Wednesday, September 14, 2005

Discontinuity

When I was young (about nine), all those years ago, and blissfully unaware of the computing landscape, while other people celebrated their Spectrums and Ataris, I had what was available at home: an IBM PC.

We're not talking an XT here; it was a 4.77MHz 8088 with two 5.25" floppy disk drives (I think). This was brought home by my father from work for Christmas a couple of years running. Ah, the joys of BASICA on floppy disks (mind, when you're learning from a TRS-80 book, it's slightly more tricky!).

Of course, I wasn't stuck on that PC for long; I went through my father's old machines in search of the perfect development platform. A Ferranti Advance with 20Mb hard disk (do you know how hard it is to type "megabyte" then "hard disk"?). A 12MHz 286 with amber-on-black CGA monitor in 1990. How do I remember it was 1990? Because it had Windows 3.0 on it...

To this day I still know the shortcut keys for Windows. While we did have a fantastically expensive optical Mouse Systems mouse, my dad used that for GEM and Windows on his new 16MHz 286 with (gasp!) colour VGA.

When I graduated to that machine, my friends were all using Amigas and Ataris. We stuck to our guns, and my dad's 486 was light-years ahead; that is, if I'd ever been allowed to play games on it... but it was hard, not having the games. (Does anyone remember a game on the Amiga 500 with bouncing red balls you would pop?)

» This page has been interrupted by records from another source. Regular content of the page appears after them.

Lemma klein_gen_even (A : {set 'Z_2 * 'Z_2}) :
  ~~ (A \subset [set 1]) -> ~~ odd #|<<A>>|.
Proof.
move=> ntA; have: <<A>> != 1.
  by apply: contra ntA => /eqP trA; apply: subset_trans (subset_gen A) _; rewrite trA.
rewrite trivg_card1; have := card_klein_subgroup <<A>>.
by rewrite !inE => /or3P [] /eqP ->.
Qed.

Lemma klein_genU1 (A : {set 'Z_2 * 'Z_2}) (z : 'Z_2 * 'Z_2) :
  ~~ (A \subset [set 1]) -> z \notin <<A>> -> <<z |: A>> = V.
Proof.
move=> ntA zA; apply/eqP; rewrite eqEcard subsetT card_klein.
have ltAzA : (#|<<A>>| < #|<<z |: A>>|)%N.
  apply: proper_card; rewrite properE genS ?subsetUr //=.
  by apply: contra zA => /subsetP; apply; rewrite mem_gen ?setU11.
have gt1A : (1 < #|<<A>>|)%N.
  by have := klein_gen_even ntA; case: #|<<A>>| (cardG_gt0 <<A>>) => [|[|]].
have := leq_ltn_trans gt1A ltAzA; have := card_klein_subgroup <<z |: A>>.
by rewrite !inE => /or3P [] /eqP ->.
Qed.

End KleinFourGroup.

Section GenGame.

Variables (hT : finGroupType) (H : {group hT}).
Hypothesis oddH : odd #|H|.
Variables a b : hT.
Hypothesis genH_ab : <<[set a; b]>> = H.

Local Notation V := [set: 'Z_2 * 'Z_2].
Local Notation G := (setX V H).
Implicit Types (T : {set 'Z_2 * 'Z_2 * hT}) (S : {set hT}).

Definition nearly_gen S := [exists h, <<h |: S>> == H].

Lemma a_in_H : a \in H.
Proof. by rewrite -genH_ab mem_gen // !inE eqxx. Qed.

Lemma nearly_gen_a S : S \subset H -> a \in S -> nearly_gen S.
Proof.
move=> sSH aS; have Hb : b \in H by rewrite -genH_ab mem_gen // !inE eqxx orbT.
apply/existsP; exists b; rewrite eqEsubset gen_subG subUset sub1set Hb sSH /=.
rewrite -{1}genH_ab genS //; apply/subsetP => x.
by rewrite !inE => /orP [] /eqP ->; rewrite ?eqxx ?aS ?orbT.
Qed.

Lemma coprime_klein : coprime #|V| #|H|.
Proof. by rewrite card_klein -[4%N]/(2 ^ 2)%N coprime_pexpl // coprime2n. Qed.

Lemma gen_game T : T \subset G -> <<T>> = setX <<fst @: T>> <<snd @: T>>.
Proof. exact: gen_setX_coprime coprime_klein T. Qed.

Lemma gen_game_eq T : T \subset G ->
  (<<T>> == G) = (<<fst @: T>> == V) && (<<snd @: T>> == H).
Proof. exact: gen_setX_coprime_eq coprime_klein T. Qed.

Lemma snd_game_sub T : T \subset G -> snd @: T \subset H.
Proof.
by move=> sTG; apply/subsetP => _ /imsetP [[z h] /(subsetP sTG) /setXP [_ Hh] ->].
Qed.

Lemma mem_moves T z h : h \in H -> (z \notin fst @: T) || (h \notin snd @: T) ->
  (z, h) \in G :\: T.
Proof.
move=> Hh fresh; rewrite !inE Hh !andbT; apply: contraL fresh => Tzh.
by rewrite negb_or !negbK (imset_f fst Tzh) (imset_f snd Tzh).
Qed.

Lemma not_gen_fst_cycle T (z : 'Z_2 * 'Z_2) : T \subset G ->
  fst @: T \subset <[z]> -> ~~ (<<T>> == G).
Proof.
move=> sTG sTz; rewrite gen_game_eq // negb_and; apply/orP; left.
have genT_z : <<fst @: T>> \subset <[z]> by rewrite gen_subG.
by apply: contraL (klein_cycle_proper z) => /eqP <-; rewrite properE genT_z andbF.
Qed.

Lemma nearly_gen_of_move T g : T \subset G -> g \in G -> <<g |: T>> == G ->
  nearly_gen (snd @: T).
Proof.
move=> sTG Gg; rewrite gen_game_eq ?subUset ?sub1set ?Gg // => /andP [_].
by rewrite imsetU1 => genH; apply/existsP; exists g.2.
Qed.

Definition nim_value T : nat :=
  if <<T>> == G then 0%N
  else if fst @: T \subset [set 1] then
    if odd #|T| then (if [forall h in H, nearly_gen (h |: snd @: T)] then 0 else 2)%N
    else 1%N
  else if odd #|T| then 2%N else nearly_gen (snd @: T).

Lemma nim_value_move_top T g : ~~ (fst @: T \subset [set 1]) -> g \notin T ->
  nim_value (g |: T) =
  if <<g |: T>> == G then 0%N
  else if odd #|T| then nearly_gen (g.2 |: snd @: T) : nat else 2%N.
Proof.
move=> nt1 Tg; rewrite /nim_value !imsetU1 subUset (negbTE nt1) andbF.
by rewrite cardsU1 Tg add1n /=; case: odd.
Qed.
Lemma geometric_partial_sum_le (s : R) (N : nat) :
  0 <= s < 1 -> sum_f_R0 (fun k => s ^ S k) N <= s / (1 - s).
Proof.
  intro Hs.
  assert (E : sum_f_R0 (fun k => s ^ S k) N = s * ((1 - s ^ S N) / (1 - s))).
  { rewrite <- tech3 by lra. rewrite scal_sum. apply sum_eq. intros. simpl. ring. }
  rewrite E. unfold Rdiv. rewrite <- Rmult_assoc. apply Rmult_le_compat_r.
  - left. apply Rinv_0_lt_compat. lra.
  - pose proof (pow_le s (S N) (proj1 Hs)). nra.
Qed.

Lemma CVN_R_of_geometric (fn : nat -> R -> R) (s M : R) :
  0 <= s < 1 -> (forall k x, Rabs (fn k x) <= M * s ^ S k) -> CVN_R fn.
Proof.
  intros Hs Hbound r. exists (fun k => M * s ^ S k).
  exists (Series (fun k => Rabs (M * s ^ S k))). split.
  - apply is_series_Reals, Series_correct.
    apply (ex_series_ext (fun k => (Rabs M * s) * s ^ k)).
    { intro k. rewrite Rabs_mult, (Rabs_pos_eq (s ^ S k)) by (apply pow_le; lra). simpl. ring. }
    apply (ex_series_scal_l (V := R_NormedModule)), ex_series_geom. rewrite Rabs_pos_eq; lra.
  - intros k x _. apply Hbound.
Qed.

Lemma Series_of_Un_cv (u : nat -> R) (l : R) : Un_cv (fun N => sum_f_R0 u N) l -> Series u = l.
Proof. intro H. apply is_series_unique, is_series_Reals. exact H. Qed.

Lemma SFL_Series (fn : nat -> R -> R) (cv : forall x, {l : R | Un_cv (fun N => SP fn N x) l})
  (x : R) : SFL fn cv x = Series (fun k => fn k x).
Proof. unfold SFL. destruct (cv x) as [l Hl]. symmetry. apply Series_of_Un_cv. exact Hl. Qed.

Section LogSeries.

Variable y : R.
Hypothesis hy : 0 < y.

Lemma CVN_logfac : CVN_R (logfac y).
Proof.
  apply (CVN_R_of_geometric _ (qroot y) (Klog y)).
  - pose proof (qroot_range y hy). lra.
  - intros k x. apply logfac_bound, hy.
Qed.

Lemma CVN_dlogfac : CVN_R (dlogfac y).
Proof.
  apply (CVN_R_of_geometric _ (qroot y) (Kdlog y)).
  - pose proof (qroot_range y hy). lra.
  - intros k x. apply dlogfac_bound, hy.
Qed.

Lemma logfac_deriv (k : nat) (x : R) : derivable_pt_lim (logfac y k) x (dlogfac y k x).
Proof.
  apply is_derive_Reals. unfold logfac, dlogfac, Dfac.
  pose proof (Dfac_pos k x y hy) as HD. unfold Dfac in HD.
  set (n := INR (S k)) in *. set (r := rho (S k) y) in *. clearbody n r.
  auto_derive; [nra | field; nra].
Qed.
Lemma ge0_integral_comp_scaling mu phi psi c k (f : T -> \bar R) :
  (0 < c)%R -> (0 < k)%R ->
  measurable_fun setT phi -> measurable_fun setT psi ->
  cancel phi psi -> cancel psi phi -> measure_scaling mu phi c ->
  (forall x, 0 <= f x) ->
  \int[mu]_x (k%:E * f (phi x)) = (k * c)%:E * \int[mu]_x f x.
Proof.
move=> c0 k0 mphi mpsi phiK psiK sc f0; apply/eqP; rewrite eq_le.
rewrite (ge0_integral_comp_scaling_le c0 k0 mphi mpsi phiK psiK sc f0) /=.
have kf0 x : 0 <= k%:E * f (phi x) by rewrite mule_ge0 // lee_fin ltW.
have := ge0_integral_comp_scaling_le (c := c^-1) (k := k^-1) _ _ mpsi mphi psiK
  phiK (measure_scalingV c0 mpsi phiK sc) kf0.
have -> : \int[mu]_x (k^-1%:E * (k%:E * f (phi (psi x)))) = \int[mu]_x f x.
  by apply: eq_integral => x _; rewrite psiK muleA -EFinM mulVf ?mul1e // lt0r_neq0.
rewrite -invfM mulrC lee_pdivlMl ?mulr_gt0 ?invr_gt0 //.
by apply; rewrite ?invr_gt0.
Qed.

Lemma integral_comp_scaling mu phi psi c k (f : T -> \bar R) :
  (0 < c)%R -> (0 < k)%R ->
  measurable_fun setT phi -> measurable_fun setT psi ->
  cancel phi psi -> cancel psi phi -> measure_scaling mu phi c ->
  \int[mu]_x (k%:E * f (phi x)) = (k * c)%:E * \int[mu]_x f x.
Proof.
move=> c0 k0 mphi mpsi phiK psiK sc.
have k0E : 0 <= k%:E by rewrite lee_fin ltW.
rewrite integralE [in RHS]integralE.
have -> : (fun x => k%:E * f (phi x))^\+ = fun x => k%:E * f^\+ (phi x).
  by apply/funext => x; rewrite !funeposE maxe_pMr ?mule0.
have -> : (fun x => k%:E * f (phi x))^\- = fun x => k%:E * f^\- (phi x).
  by apply/funext => x; rewrite !funenegE -muleN maxe_pMr ?mule0.
rewrite (ge0_integral_comp_scaling c0 k0 mphi mpsi phiK psiK sc (funepos_ge0 f)).
rewrite (ge0_integral_comp_scaling c0 k0 mphi mpsi phiK psiK sc (funeneg_ge0 f)).
by rewrite [RHS]gt0_muleBr ?mulr_gt0.
Qed.

Lemma Rintegral_comp_scaling mu phi psi c k (G : T -> R) :
  (0 < c)%R -> (0 < k)%R ->
  measurable_fun setT phi -> measurable_fun setT psi ->
  cancel phi psi -> cancel psi phi -> measure_scaling mu phi c ->
  Rintegral mu setT (fun x => k * G (phi x))%R = (k * c * Rintegral mu setT G)%R.
Proof.
move=> c0 k0 mphi mpsi phiK psiK sc; rewrite /Rintegral.
rewrite (integral_comp_scaling (fun x => (G x)%:E) c0 k0 mphi mpsi phiK psiK sc).
have kc : 0 < (k * c)%:E by rewrite lte_fin mulr_gt0.
by case: (\int[mu]_x (G x)%:E) => [r| |] //=; rewrite ?gt0_muley ?gt0_muleNy //= mulr0.
Qed.

End measure_scaling.

Lemma measure_scaling_prod d1 d2 (T1 : measurableType d1)
    (T2 : measurableType d2) (R : realType)
    (m1 : {measure set T1 -> \bar R}) (m2 : {sigma_finite_measure set T2 -> \bar R})
    (f1 : T1 -> T1) (f2 : T2 -> T2) (c1 c2 : R) :
  0 < c1 -> 0 < c2 -> measurable_fun setT f1 ->
  measure_scaling m1 f1 c1 -> measure_scaling m2 f2 c2 ->
  measure_scaling (m1 \x m2)%E (fun x => (f1 x.1, f2 x.2)) (c1 * c2).
Proof.
move=> c10 c20 mf1 sc1 sc2 A mA; rewrite /product_measure1 /=.
have -> : (fun x => m2 (xsection ((fun x => (f1 x.1, f2 x.2)) @^-1` A) x)) =
          (fun x => c2%:E * (m2 \o xsection A) (f1 x))%E.
  apply/funext => x /=; rewrite -sc2; last exact: measurable_xsection.
  by congr (m2 _); apply/seteqP; split => y; rewrite /xsection /preimage /= !in_setE.
have mA2 := measurable_fun_xsection m2 mA.
have mA2f1 : measurable_fun setT (fun x => (m2 \o xsection A) (f1 x)).
  exact: measurableT_comp.
rewrite (ge0_integralZl_EFin _ _ (fun x _ => measure_ge0 _ _) mA2f1) ?(ltW c20) //.
rewrite (ge0_integral_measurable_comp_scaling c10 mf1 sc1 mA2) //.
by rewrite muleA -EFinM mulrC.
Qed.

Lemma measure_scaling_lebesgue_mulr (R : realType) (k : R) : 0 < k ->
  measure_scaling (@lebesgue_measure R) ( *%R k) k^-1.
Proof.
move=> k0.
pose knn : {nonneg R} := NngNum (ltW k0).
pose f : measurableTypeR R -> measurableTypeR R := fun x => k * x.
have mf : measurable_fun setT f by exact: mulrl_measurable.
have f_itv a b : f @^-1` `]a, b]%classic = `]a / k, b / k]%classic.
  by apply/seteqP; split => x /=; rewrite !in_itv /= ltr_pdivrMr // ler_pdivlMr // mulrC.
have := @lebesgue_measure_unique R (mscale knn (pushforward lebesgue_measure f)).
move=> /(_ mf) lebE B mB; rewrite [in RHS]lebE // => [|X [[a b] _ <-]].
  by rewrite /= muleA -EFinM mulVf ?mul1e // lt0r_neq0.
rewrite [RHS](_ : _ = k%:E * lebesgue_measure (f @^-1` `]a, b]%classic))%E //.
rewrite f_itv !lebesgue_measure_itv /= !lte_fin ltr_pM2r ?invr_gt0 //.
case: ifP => ab; last by rewrite mule0.
by rewrite -!EFinB -EFinM; congr EFin; field; exact: lt0r_neq0.
Qed.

Ten years later - eighteen years after that first PC - I'm still stuck to PCs. Yes, they irritate me, and so does Windows XP, and yes, I still lust after NeXTstep (in its OS X variation). I haven't gone to any of the "light sides", though. Why not? It's not as if I haven't spent enough time with UNIX to know its advantages; I ran SuSE on a 486 ten years ago, and I've tried a number of variants of Linux periodically. I drool over iMacs. I download Win32 GNU tools. Yet I've never actually fully immersed myself. Why not?

I realised the answer to that a while ago, though. I use this computer for work. It is a tool. It is not an end in itself. I don't play computer games; I have an Xbox for that. I don't hack OS kernels for fun (any more). I am a software engineer, not a code monkey, and not a "quick hack" person, for better or worse. And I go home at 5:30pm to my wife, not to my den.

Yes, everything I do on Windows I could do on Linux, without a doubt. And if I dislike the Linux USB drivers like I do Windows' (more on this later), I have the opportunity to fix them. And I'd get endless customisability.

Thing is, it doesn't matter. In terms of the combination of price, ease of use and overall quality, Windows wins for me. My priorities are different from some other people's. I can't justify handing over £900 for an iMac, nor can I give up the consistency and ease-of-use of a modern GUI for Linux's patchy efforts. If I don't get flamed too badly for that, I might elaborate on Linux's failings, and how it could really compete on the desktop, another time.

I could go on - and, indeed, I have - ultimately, though my sister's husband may call me "Bill Gates' whipping boy", I have made the right decision for me. Not because my friends or peers believe I should serve some higher cause.